Filter the records below and copy every line containing the word "negP".

____ PROVIDED DATA

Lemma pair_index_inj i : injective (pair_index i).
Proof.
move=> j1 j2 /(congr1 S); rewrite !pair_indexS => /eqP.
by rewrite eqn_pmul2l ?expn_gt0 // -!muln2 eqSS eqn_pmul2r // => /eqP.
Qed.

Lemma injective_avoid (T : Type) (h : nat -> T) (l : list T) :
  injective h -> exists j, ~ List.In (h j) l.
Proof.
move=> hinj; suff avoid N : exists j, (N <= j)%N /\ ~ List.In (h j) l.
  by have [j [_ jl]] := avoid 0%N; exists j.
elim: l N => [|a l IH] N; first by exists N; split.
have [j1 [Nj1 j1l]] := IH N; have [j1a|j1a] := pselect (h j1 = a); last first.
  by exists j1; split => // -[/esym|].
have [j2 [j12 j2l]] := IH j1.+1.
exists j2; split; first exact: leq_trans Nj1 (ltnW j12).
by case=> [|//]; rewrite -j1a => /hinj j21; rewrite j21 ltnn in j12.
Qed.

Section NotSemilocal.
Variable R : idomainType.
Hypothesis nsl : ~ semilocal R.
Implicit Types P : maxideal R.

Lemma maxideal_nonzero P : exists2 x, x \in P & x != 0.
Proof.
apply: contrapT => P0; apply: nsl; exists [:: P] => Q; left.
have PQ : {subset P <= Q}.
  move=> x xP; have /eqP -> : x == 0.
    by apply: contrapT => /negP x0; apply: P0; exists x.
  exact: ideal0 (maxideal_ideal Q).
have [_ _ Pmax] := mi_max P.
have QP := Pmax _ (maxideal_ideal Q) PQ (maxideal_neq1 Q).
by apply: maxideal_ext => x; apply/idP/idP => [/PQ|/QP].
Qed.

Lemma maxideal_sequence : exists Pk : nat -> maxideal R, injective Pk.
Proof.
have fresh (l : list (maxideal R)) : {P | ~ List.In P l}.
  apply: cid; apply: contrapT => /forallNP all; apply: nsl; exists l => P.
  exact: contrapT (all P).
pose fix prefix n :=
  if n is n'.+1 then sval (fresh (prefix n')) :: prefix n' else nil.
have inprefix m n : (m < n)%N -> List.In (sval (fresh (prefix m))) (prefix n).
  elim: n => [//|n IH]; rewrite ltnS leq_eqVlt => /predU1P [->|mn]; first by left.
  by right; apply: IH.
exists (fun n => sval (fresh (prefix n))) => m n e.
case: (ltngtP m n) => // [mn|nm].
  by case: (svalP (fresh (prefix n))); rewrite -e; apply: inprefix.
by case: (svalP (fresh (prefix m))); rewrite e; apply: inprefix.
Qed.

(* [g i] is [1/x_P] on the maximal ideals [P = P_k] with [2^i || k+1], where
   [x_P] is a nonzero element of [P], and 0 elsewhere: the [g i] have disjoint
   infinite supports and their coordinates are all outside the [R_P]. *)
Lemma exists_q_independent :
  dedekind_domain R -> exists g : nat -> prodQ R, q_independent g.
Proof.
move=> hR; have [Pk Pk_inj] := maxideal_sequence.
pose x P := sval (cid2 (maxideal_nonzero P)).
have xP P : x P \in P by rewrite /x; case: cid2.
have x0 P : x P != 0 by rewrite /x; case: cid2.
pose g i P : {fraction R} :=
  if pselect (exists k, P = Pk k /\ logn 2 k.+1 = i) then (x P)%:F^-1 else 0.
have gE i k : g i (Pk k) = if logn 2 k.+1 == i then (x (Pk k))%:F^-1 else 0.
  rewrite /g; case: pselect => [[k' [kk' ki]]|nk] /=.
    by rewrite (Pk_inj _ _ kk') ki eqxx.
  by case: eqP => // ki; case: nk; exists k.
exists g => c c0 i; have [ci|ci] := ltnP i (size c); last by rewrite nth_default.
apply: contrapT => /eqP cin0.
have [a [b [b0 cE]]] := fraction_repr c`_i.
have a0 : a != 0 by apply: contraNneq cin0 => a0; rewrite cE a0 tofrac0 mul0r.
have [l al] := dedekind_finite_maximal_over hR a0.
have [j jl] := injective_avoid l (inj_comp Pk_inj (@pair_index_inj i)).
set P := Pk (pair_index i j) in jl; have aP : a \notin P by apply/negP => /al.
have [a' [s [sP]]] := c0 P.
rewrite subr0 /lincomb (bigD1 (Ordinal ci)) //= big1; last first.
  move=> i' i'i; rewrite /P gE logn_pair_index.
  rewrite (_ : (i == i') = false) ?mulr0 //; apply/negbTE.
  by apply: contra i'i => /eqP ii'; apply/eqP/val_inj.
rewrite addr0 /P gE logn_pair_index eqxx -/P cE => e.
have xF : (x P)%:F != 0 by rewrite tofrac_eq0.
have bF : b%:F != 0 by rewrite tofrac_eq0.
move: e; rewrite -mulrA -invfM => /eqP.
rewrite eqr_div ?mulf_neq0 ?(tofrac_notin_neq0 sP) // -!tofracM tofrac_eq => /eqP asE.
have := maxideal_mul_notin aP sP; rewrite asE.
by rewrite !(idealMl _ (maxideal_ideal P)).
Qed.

________
____ PROVIDED DATA

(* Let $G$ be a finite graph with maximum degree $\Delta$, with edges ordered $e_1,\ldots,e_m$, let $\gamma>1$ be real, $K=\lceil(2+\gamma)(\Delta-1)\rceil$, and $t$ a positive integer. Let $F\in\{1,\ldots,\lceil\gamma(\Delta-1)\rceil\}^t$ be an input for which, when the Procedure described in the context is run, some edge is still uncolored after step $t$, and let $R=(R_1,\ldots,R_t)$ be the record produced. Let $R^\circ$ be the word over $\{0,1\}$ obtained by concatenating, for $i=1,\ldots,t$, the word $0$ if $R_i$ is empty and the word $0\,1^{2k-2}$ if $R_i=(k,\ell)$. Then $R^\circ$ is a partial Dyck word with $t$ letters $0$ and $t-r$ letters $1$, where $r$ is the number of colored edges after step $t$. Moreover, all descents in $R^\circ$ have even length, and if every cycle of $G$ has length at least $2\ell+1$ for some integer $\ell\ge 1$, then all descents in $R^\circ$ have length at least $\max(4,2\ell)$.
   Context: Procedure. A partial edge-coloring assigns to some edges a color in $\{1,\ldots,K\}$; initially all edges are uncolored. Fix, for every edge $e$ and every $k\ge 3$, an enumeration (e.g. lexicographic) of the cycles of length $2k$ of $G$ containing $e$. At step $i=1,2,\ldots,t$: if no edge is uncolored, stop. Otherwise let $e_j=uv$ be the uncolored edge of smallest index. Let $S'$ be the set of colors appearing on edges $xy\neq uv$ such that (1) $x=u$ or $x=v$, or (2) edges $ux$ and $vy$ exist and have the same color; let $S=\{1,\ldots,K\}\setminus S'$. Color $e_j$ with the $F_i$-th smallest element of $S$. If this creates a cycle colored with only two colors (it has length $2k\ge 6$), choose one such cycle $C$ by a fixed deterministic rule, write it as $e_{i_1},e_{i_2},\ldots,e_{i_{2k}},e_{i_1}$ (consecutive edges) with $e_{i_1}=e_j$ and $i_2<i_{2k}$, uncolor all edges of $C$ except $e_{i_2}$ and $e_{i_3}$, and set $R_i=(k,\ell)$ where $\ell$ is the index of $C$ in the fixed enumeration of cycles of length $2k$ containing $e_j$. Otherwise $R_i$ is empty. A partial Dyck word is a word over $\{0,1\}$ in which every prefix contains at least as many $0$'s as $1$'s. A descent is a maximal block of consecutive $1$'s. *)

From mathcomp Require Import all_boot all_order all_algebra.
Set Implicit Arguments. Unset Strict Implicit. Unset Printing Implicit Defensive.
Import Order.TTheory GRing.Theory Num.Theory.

________

→ REPLY:
    by apply: contrapT => /negP x0; apply: P0; exists x.
set P := Pk (pair_index i j) in jl; have aP : a \notin P by apply/negP => /al.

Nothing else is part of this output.